Les ex-Googlers qui veulent éduquer les gosses avec une IA qui pense en secret

Tu connais le refrain : des ex-Googlers lèvent des fonds pour « réinventer l’éducation » avec une IA. Cette fois, c’est Sparkli qui débarque avec son appli d’apprentissage en « expédition » pour gamins. Leur pitch ? Les systèmes éducatifs sont à la ramasse sur des trucs comme le design de compétences, la littératie financière ou l’entrepreneuriat. Alors, ils balancent une IA pour combler le gap. Encore une startup qui promet de sauver le monde en remplaçant les profs par des algos. Ça sent le coup marketing à plein nez.
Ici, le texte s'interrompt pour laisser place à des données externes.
(* Let $K$ be the localization $R[\varphi^{-1}]$ of a $(\varphi)$-adic ring $R$ over $A$ and let $z\in K$ be a global coordinate for $K$. Then $z\otimes1-1\otimes z$ is invertible in both completions $\widehat{K\otimes K}^1$ and $\widehat{K\otimes K}^2$.
   Context: $A$ is a noetherian commutative $\mathbb C$-algebra with the discrete topology; tensor products are over $A$. A $(\varphi)$-adic ring is a commutative $A$-algebra $R$ with a non-invertible non-zero-divisor $\varphi$ such that $R$ is complete and separated in the $\varphi$-adic topology and $R/\varphi R$ is finite free over $A$; $K=R[\varphi^{-1}]$ has the topology in which the $\varphi^NR$ ($N\in\mathbb Z$) form a fundamental system of neighbourhoods of $0$. $\widehat{K\otimes K}$ is the completion of $K\otimes K$ w.r.t. $\varphi^NR\otimes\varphi^MR$; $\widehat{K\otimes K}^1$ and $\widehat{K\otimes K}^2$ are the completions w.r.t. $\varphi^NR\otimes K$ and $K\otimes\varphi^NR$ respectively (these are rings). $z\in K$ is a global coordinate if $\Omega^{1,\mathrm{cont}}_{K/A}$ is finitely generated projective and the kernel of the multiplication map $\widehat{K\otimes K}\to K$ is the ideal generated by $z\otimes1-1\otimes z$. *)

From mathcomp Require Import all_boot all_algebra.
From mathcomp Require Import reals Rstruct complex.
From Stdlib Require Import Reals.
From Stdlib Require List.

Set Implicit Arguments.
Unset Strict Implicit.
Unset Printing Implicit Defensive.

Import GRing.Theory.
Local Open Scope ring_scope.

Definition CC : numClosedFieldType := Rdefinitions.R[i].

Definition is_ideal (A : comNzRingType) (Id : A -> Prop) : Prop :=
  Id 0 /\ (forall x y, Id x -> Id y -> Id (x + y)) /\ (forall a x, Id x -> Id (a * x)).

Definition noetherian (A : comNzRingType) : Prop :=
  forall Id : A -> Prop, is_ideal Id ->
  exists s : seq A, forall x,
    Id x <-> exists c : ('I_(size s) -> A), x = \sum_(i < size s) c i * s`_i.

Definition phidvd (A : comNzRingType) (R : comAlgType A) (phi : R) (n : nat) (x : R) :=
  exists y : R, x = phi ^+ n * y.

Definition phi_adic_ring (A : comNzRingType) (R : comAlgType A) (phi : R) : Prop :=
  ~ (exists u : R, phi * u = 1)
  /\ (forall x : R, phi * x = 0 -> x = 0)
  /\ (forall x : R, (forall n, phidvd phi n x) -> x = 0)
  /\ (forall u : nat -> R,
        (forall N : nat, exists M : nat, forall m n : nat, (leq M m) -> (leq M n) -> phidvd phi N (u m - u n)) ->
        exists l : R, forall N : nat, exists M : nat, forall n : nat, (leq M n) -> phidvd phi N (u n - l))
  (* R / phi R is finite free over A: the classes of b_0, ..., b_(d-1) form an A-basis *)
  /\ (exists (d : nat) (b : 'I_d -> R),
        (forall r : R, exists a : ('I_d -> A), phidvd phi 1 (r - \sum_(i < d) a i *: b i))
        /\ (forall a : 'I_d -> A, phidvd phi 1 (\sum_(i < d) a i *: b i) -> forall i, a i = 0)).

Definition is_alg_morph (A : comNzRingType) (X Y : lalgType A) (f : X -> Y) : Prop :=
  (forall x y, f (x + y) = f x + f y) /\ (forall x y, f (x * y) = f x * f y)
  /\ f 1 = 1 /\ (forall (a : A) x, f (a *: x) = a *: f x).

(* K together with iota : R -> K is the localization R[phi^-1]
   (phi being a non-zero-divisor, iota is injective). *)
Definition is_localization (A : comNzRingType) (R : comAlgType A) (K : comUnitAlgType A)
    (iota : R -> K) (phi : R) : Prop :=
  is_alg_morph iota /\ injective iota /\ iota phi \is a GRing.unit
  /\ (forall k : K, exists (r : R) (n : nat), k = iota r / iota phi ^+ n).

Definition inPhiR (A : comNzRingType) (R : comAlgType A) (K : comUnitAlgType A)
    (iota : R -> K) (phi : R) (N : int) (x : K) : Prop :=
  exists r : R, x = iota phi ^ N * iota r.

(* T with i1 i2 : K -> T is the tensor product K (x)_A K
   (i1 k = k (x) 1, i2 k = 1 (x) k, and i1 a * i2 b = a (x) b). *)
Definition is_bilinear (A : comNzRingType) (K : lmodType A) (M : lmodType A)
    (f : K -> K -> M) : Prop :=
  (forall (c : A) x y w, f (c *: x + y) w = c *: f x w + f y w)
  /\ (forall (c : A) w x y, f w (c *: x + y) = c *: f w x + f w y).

Definition is_linear (A : comNzRingType) (U V : lmodType A) (g : U -> V) : Prop :=
  forall (c : A) x y, g (c *: x + y) = c *: g x + g y.

Definition is_tensor_product (A : comNzRingType) (K : comUnitAlgType A) (T : comAlgType A)
    (i1 i2 : K -> T) : Prop :=
  is_alg_morph i1 /\ is_alg_morph i2
  /\ forall (M : lmodType A) (f : K -> K -> M), is_bilinear f ->
       exists g : T -> M, is_linear g /\ (forall a b, g (i1 a * i2 b) = f a b)
         /\ forall g' : T -> M, is_linear g' -> (forall a b, g' (i1 a * i2 b) = f a b) ->
              forall t, g' t = g t.

Definition tspan (A : comNzRingType) (K : comUnitAlgType A) (T : comAlgType A)
    (i1 i2 : K -> T) (P : K -> K -> Prop) (t : T) : Prop :=
  exists s : seq (K * K), (forall p, p \in s -> P p.1 p.2)
    /\ t = \sum_(p <- s) i1 p.1 * i2 p.2.

Section Nbhds.
Variables (A : comNzRingType) (R : comAlgType A) (phi : R) (K : comUnitAlgType A)
  (iota : R -> K) (T : comAlgType A) (i1 i2 : K -> T).

(* phi^N R (x) K, K (x) phi^N R, phi^N R (x) phi^M R as submodules of K (x) K *)
Definition U1 (N : int) : T -> Prop := tspan i1 i2 (fun a _ => inPhiR iota phi N a).
Definition U2 (N : int) : T -> Prop := tspan i1 i2 (fun _ b => inPhiR iota phi N b).
Definition U12 (NM : int * int) : T -> Prop :=
  tspan i1 i2 (fun a b => inPhiR iota phi NM.1 a /\ inPhiR iota phi NM.2 b).
End Nbhds.

(* Completions, via Cauchy sequences: for a fundamental system of
   neighbourhoods of 0 (U i)_i, a sequence is Cauchy, resp. tends to 0. *)
Definition cauchy (I : Type) (G : zmodType) (U : I -> G -> Prop) (y : nat -> G) : Prop :=
  forall i, exists n0 : nat, forall m n : nat, (leq n0 m) -> (leq n0 n) -> U i (y m - y n).

Definition tendsto0 (I : Type) (G : zmodType) (U : I -> G -> Prop) (y : nat -> G) : Prop :=
  forall i, exists n0 : nat, forall n : nat, (leq n0 n) -> U i (y n).

(* x (an element of the ring T) is invertible in the separated completion of T
   w.r.t. U: there is y in the completion (a Cauchy sequence) with x * y = 1. *)
Definition invertible_in_completion (I : Type) (T : ringType) (U : I -> T -> Prop)
    (x : T) : Prop :=
  exists y : nat -> T, cauchy U y /\ tendsto0 U (fun n => x * y n - 1).

Section GlobalCoordinate.
Variables (A : comNzRingType) (R : comAlgType A) (phi : R) (K : comUnitAlgType A)
  (iota : R -> K) (T : comAlgType A) (i1 i2 : K -> T).

Let W := U12 phi iota i1 i2.
Let V := inPhiR iota phi.

(* For the (continuous) multiplication map mu : K (x) K -> K and its extension
   to the completion \hat{K (x) K} (elements = W-Cauchy sequences):
   J = kernel of \hat mu, J^2, the K-module J/J^2 = Omega^{1,cont}_{K/A}. *)
Definition inJ (mu : T -> K) (y : nat -> T) : Prop :=
  cauchy W y /\ tendsto0 V (fun n => mu (y n)).

Definition inJ2 (mu : T -> K) (y : nat -> T) : Prop :=
  cauchy W y /\
  exists s : seq ((nat -> T) * (nat -> T)),
    (forall p, List.In p s -> inJ mu p.1 /\ inJ mu p.2)
    /\ tendsto0 W (fun n => y n - \sum_(p <- s) p.1 n * p.2 n).

Definition eqJJ2 (mu : T -> K) (y y' : nat -> T) : Prop :=
  inJ2 mu (fun n => y n - y' n).

(* Omega^{1,cont}_{K/A} = J/J^2 is a finitely generated projective K-module:
   it is a direct summand (retract) of some K^n, via K-linear maps
   s : J/J^2 -> K^n and p : K^n -> J/J^2 with p o s = id. *)
Definition Omega_fg_projective (mu : T -> K) : Prop :=
  exists (n : nat) (s : (nat -> T) -> 'I_n -> K) (p : ('I_n -> K) -> nat -> T),
    (forall v, inJ mu (p v))
    /\ (forall (k : K) v w,
          eqJJ2 mu (p (fun i => k * v i + w i)) (fun m => i1 k * p v m + p w m))
    /\ (forall y y', inJ mu y -> inJ mu y' -> eqJJ2 mu y y' -> s y = s y')
    /\ (forall (k : K) y y', inJ mu y -> inJ mu y' ->
          s (fun m => i1 k * y m + y' m) = (fun i => k * s y i + s y' i))
    /\ (forall y, inJ mu y -> eqJJ2 mu (p (s y)) y).

Definition global_coordinate (z : K) : Prop :=
  forall mu : T -> K, is_linear mu -> (forall a b, mu (i1 a * i2 b) = a * b) ->
    Omega_fg_projective mu
    /\ (forall y, cauchy W y ->
          (tendsto0 V (fun n => mu (y n)) <->
           exists w, cauchy W w /\ tendsto0 W (fun n => y n - (i1 z - i2 z) * w n))).
End GlobalCoordinate.

From HB Require Import structures.
From mathcomp Require Import all_boot all_algebra.
From mathcomp Require Import boolp.
From mathcomp Require Import zify ring.
From mathcomp Require Import reals Rstruct complex.
Import GRing.Theory.
Local Open Scope ring_scope.

Set Implicit Arguments.
Unset Strict Implicit.
Unset Printing Implicit Defensive.

(* Put f = iota phi and a = f (x) 1 - 1 (x) f.  Since mu(a) = 0,
   the global coordinate property gives a W-Cauchy sequence w with
   (z (x) 1 - 1 (x) z) * w_n -> a, where W is the topology of hat(K (x) K).
   It therefore suffices to see that a is invertible in both one-sided
   completions, since those topologies are coarser than W.  In the first one,
   a * (-(1 (x) f^-1)) = 1 - q with q = f (x) f^-1 in phi R (x) K, and 1 - q is
   inverted by the geometric series sum_k q^k. *)

Record filtration (T : comNzRingType) (S : int -> T -> Prop) : Prop := Filtration {
  filt0 : forall N, S N 0;
  filtB : forall N u v, S N u -> S N v -> S N (u - v);
  filt_mono : forall M N u, M <= N -> S N u -> S M u;
  filt_mul : forall N M u v, S N u -> S M v -> S (N + M) (u * v);
  filt1 : S 0 1;
  filt_exhaustive : forall t, exists N, S N t
}.

Section Filtration.
Variables (T : comNzRingType) (S : int -> T -> Prop).
Hypothesis hS : filtration S.

Lemma filtN N u : S N u -> S N (- u).
Proof. by move=> Su; rewrite -sub0r; apply: (filtB hS) => //; apply: (filt0 hS). Qed.

Lemma filtD N u v : S N u -> S N v -> S N (u + v).
Proof. by move=> Su Sv; rewrite -[v]opprK; apply: (filtB hS) => //; apply: filtN. Qed.

Lemma filt_sum N (I : eqType) (r : seq I) (P : pred I) (F : I -> T) :
  (forall i, i \in r -> P i -> S N (F i)) -> S N (\sum_(i <- r | P i) F i).
Proof.
move=> SF; rewrite big_seq_cond; apply: big_ind => [|u v|i /andP [ir Pi]].
- exact: (filt0 hS).
- exact: filtD.
- exact: SF.
Qed.

Lemma filt_mul_le P N M u v : P <= N + M -> S N u -> S M v -> S P (u * v).
Proof. by move=> le Su Sv; apply: (filt_mono hS) le _; apply: (filt_mul hS). Qed.

Lemma filtX N u k : S N u -> S (N * k%:Z) (u ^+ k).
Proof.
move=> Su; elim: k => [|k IH]; first by rewrite expr0 mulr0; apply: (filt1 hS).
by rewrite exprS; apply: filt_mul_le Su IH; lia.
Qed.

Lemma cauchy_bounded u : cauchy S u ->
  exists (b : int) (n0 : nat), forall m, (n0 <= m)%N -> S b (u m).
Proof.
move=> uC; have [n0 Hn0] := uC 0; have [b Sb] := filt_exhaustive hS (u n0).
exists (Num.min b 0), n0 => m le_m; rewrite -(subrK (u n0) (u m)).
apply: filtD; first by apply: (filt_mono hS) (Hn0 m n0 le_m (leqnn n0)); lia.
by apply: (filt_mono hS) Sb; lia.
Qed.

Lemma cauchy_const c : cauchy S (fun _ => c).
Proof. by move=> N; exists 0%N => m n _ _; rewrite subrr; apply: (filt0 hS). Qed.

Lemma cauchyM u v : cauchy S u -> cauchy S v -> cauchy S (fun n => u n * v n).
Proof.
move=> uC vC N; have [bu [nu Hu]] := cauchy_bounded uC.
have [bv [nv Hv]] := cauchy_bounded vC.
have [n1 Hn1] := uC (N - bv); have [n2 Hn2] := vC (N - bu).
exists (maxn (maxn nu nv) (maxn n1 n2)) => m n le_m le_n.
have -> : u m * v m - u n * v n = (u m - u n) * v m + u n * (v m - v n) by ring.
apply: filtD.
- by apply: filt_mul_le (Hn1 m n _ _) (Hv m _) => //; lia.
- by apply: filt_mul_le (Hu n _) (Hn2 m n _ _) => //; lia.
Qed.

Lemma tendsto0B u v : tendsto0 S u -> tendsto0 S v -> tendsto0 S (fun n => u n - v n).
Proof.
move=> uT vT N; have [n1 Hn1] := uT N; have [n2 Hn2] := vT N.
by exists (maxn n1 n2) => n le_n; apply: (filtB hS); [apply: Hn1 | apply: Hn2]; lia.
Qed.

Lemma tendsto0M u v : tendsto0 S u -> cauchy S v -> tendsto0 S (fun n => u n * v n).
Proof.
move=> uT vC N; have [bv [nv Hv]] := cauchy_bounded vC; have [n1 Hn1] := uT (N - bv).
by exists (maxn n1 nv) => n le_n; apply: filt_mul_le (Hn1 n _) (Hv n _) => //; lia.
Qed.

(* Partial geometric sums s_n = sum_(k < n) q^k; for q in S_1 they are
   Cauchy, since s_n - s_k lies in S_k for k <= n. *)
Lemma geometric_tail q k n : S 1 q -> (k <= n)%N ->
  S k%:Z (\sum_(0 <= i < n) q ^+ i - \sum_(0 <= i < k) q ^+ i).
Proof.
move=> Sq le_kn; rewrite (big_cat_nat (leq0n k) le_kn) /= addrAC subrr add0r.
apply: filt_sum => i; rewrite mem_index_iota => /andP [le_ki _] _.
by apply: (filt_mono hS) (filtX i Sq); lia.
Qed.

Lemma geometric_invertible q : S 1 q -> invertible_in_completion S (1 - q).
Proof.
move=> Sq; pose s n := \sum_(0 <= i < n) q ^+ i; exists s; split.
- move=> N; exists `|N|%N => m n le_m le_n.
  have -> : s m - s n = (s m - s `|N|%N) - (s n - s `|N|%N) by rewrite opprB addrA subrK.
  by apply: (filtB hS); apply: (filt_mono hS) (geometric_tail Sq _) => //; lia.
- move=> N; exists `|N|%N => n le_n.
  have -> : (1 - q) * s n - 1 = - q ^+ n.
    by rewrite /s big_mkord -[1 - q]opprB mulNr -subrX1 opprB addrAC subrr sub0r.
  by apply: filtN; apply: (filt_mono hS) (filtX n Sq); lia.
Qed.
Mais creuse un peu. Parce que pendant que Sparkli fait sa com’ sur l’éducation, y a un autre débat qui mijote dans les labos : comment les IA apprennent à penser en secret. Je te parle pas de conspirations, je te parle de processus internes opaques, de boîtes noires qui pondent des réponses sans qu’on sache d’où ça sort. L’article de Nick Andresen sur Substack, discuté sur Hacker News, pointe du doigt ce foutoir. Les modèles deviennent tellement complexes que même leurs créateurs ont du mal à tracer leur raisonnement. Le comble ? On veut confier l’éducation des mômes à des systèmes dont on comprend à peine le fonctionnement. La blague.

Sparkli, fondée par des anciens de Google, joue la carte de l’innovation bienveillante. Ils veulent créer des « expéditions » d’apprentissage où l’IA guide les enfants à travers des concepts modernes. Ça a de la gueule dit comme ça, mais en pratique, tu te demandes quelle idéologie est codée dans ces algos. Parce que oui, une IA qui enseigne, c’est pas neutre. Elle véhicule des biais, des présupposés, une vision du monde. Et quand elle « pense en secret », comment tu vérifies qu’elle balance pas de la merde à tes gosses ?

Les commentaires sur Hacker News, même s’ils sont rares, soulèvent des questions pertinentes. Est-ce qu’on veut vraiment externaliser l’éducation à des boîtes noires algorithmiques ? Surtout quand les acteurs du secteur, comme OpenAI ou Google, sont régulièrement épinglés pour leur opacité. Sparkli pourrait bien reproduire les mêmes travers, enrobés dans un packaging éducatif qui fait « safe for kids ».

Le vrai problème, c’est pas que Sparkli existe. C’est que le secteur de l’IA avance à toute blinde sur des terrains glissants comme l’éducation, sans transparence sur comment ces modèles raisonnent. Tu as des startups qui surfent sur la hype pour vendre des solutions miracles. Et puis des chercheurs qui alertent sur l’opacité croissante des systèmes. Et au milieu, les parents qui vont peut-être gober le storytelling sans se poser les bonnes questions.

Tu te souviens de toutes ces promesses de l’IA dans l’éducation ? Combien ont tenu ? Sparkli a du pain sur la planche pour prouver que c’est plus qu’un jouet marketing. En attendant, le débat sur la pensée secrète des IA reste l’éléphant dans la pièce. On confie l’avenir des gosses à des machines dont on ne comprend pas les rouages. C’est pas un peu flippant ?

Parce que si Sparkli réussit, ça ouvre la porte à une privatisation de l’éducation par des acteurs tech peu regardants sur l’éthique. Mais si ça plante, ce sera encore un échec de plus qui discréditera les vraies innovations. Dans les deux cas, on perd. Alors, avant de sauter dans le train en marche, pose-toi la question : est-ce qu’on a vraiment besoin d’une IA pour apprendre aux mômes à gérer leur thune, ou est-ce qu’on pourrait juste améliorer les programmes scolaires ? Parce que parfois, la solution la plus simple, c’est de revenir aux bases, pas d’ajouter une couche de technologie opaque.

Au final, Sparkli pourrait bien être le prochain exemple de comment ne pas faire de l’IA dans l’éducation. À moins qu’ils ne sortent de l’opacité et montrent patte blanche. Mais bon, dans un secteur où même les géants jouent à cache-cache avec la transparence, j’ai pas trop d’espoir.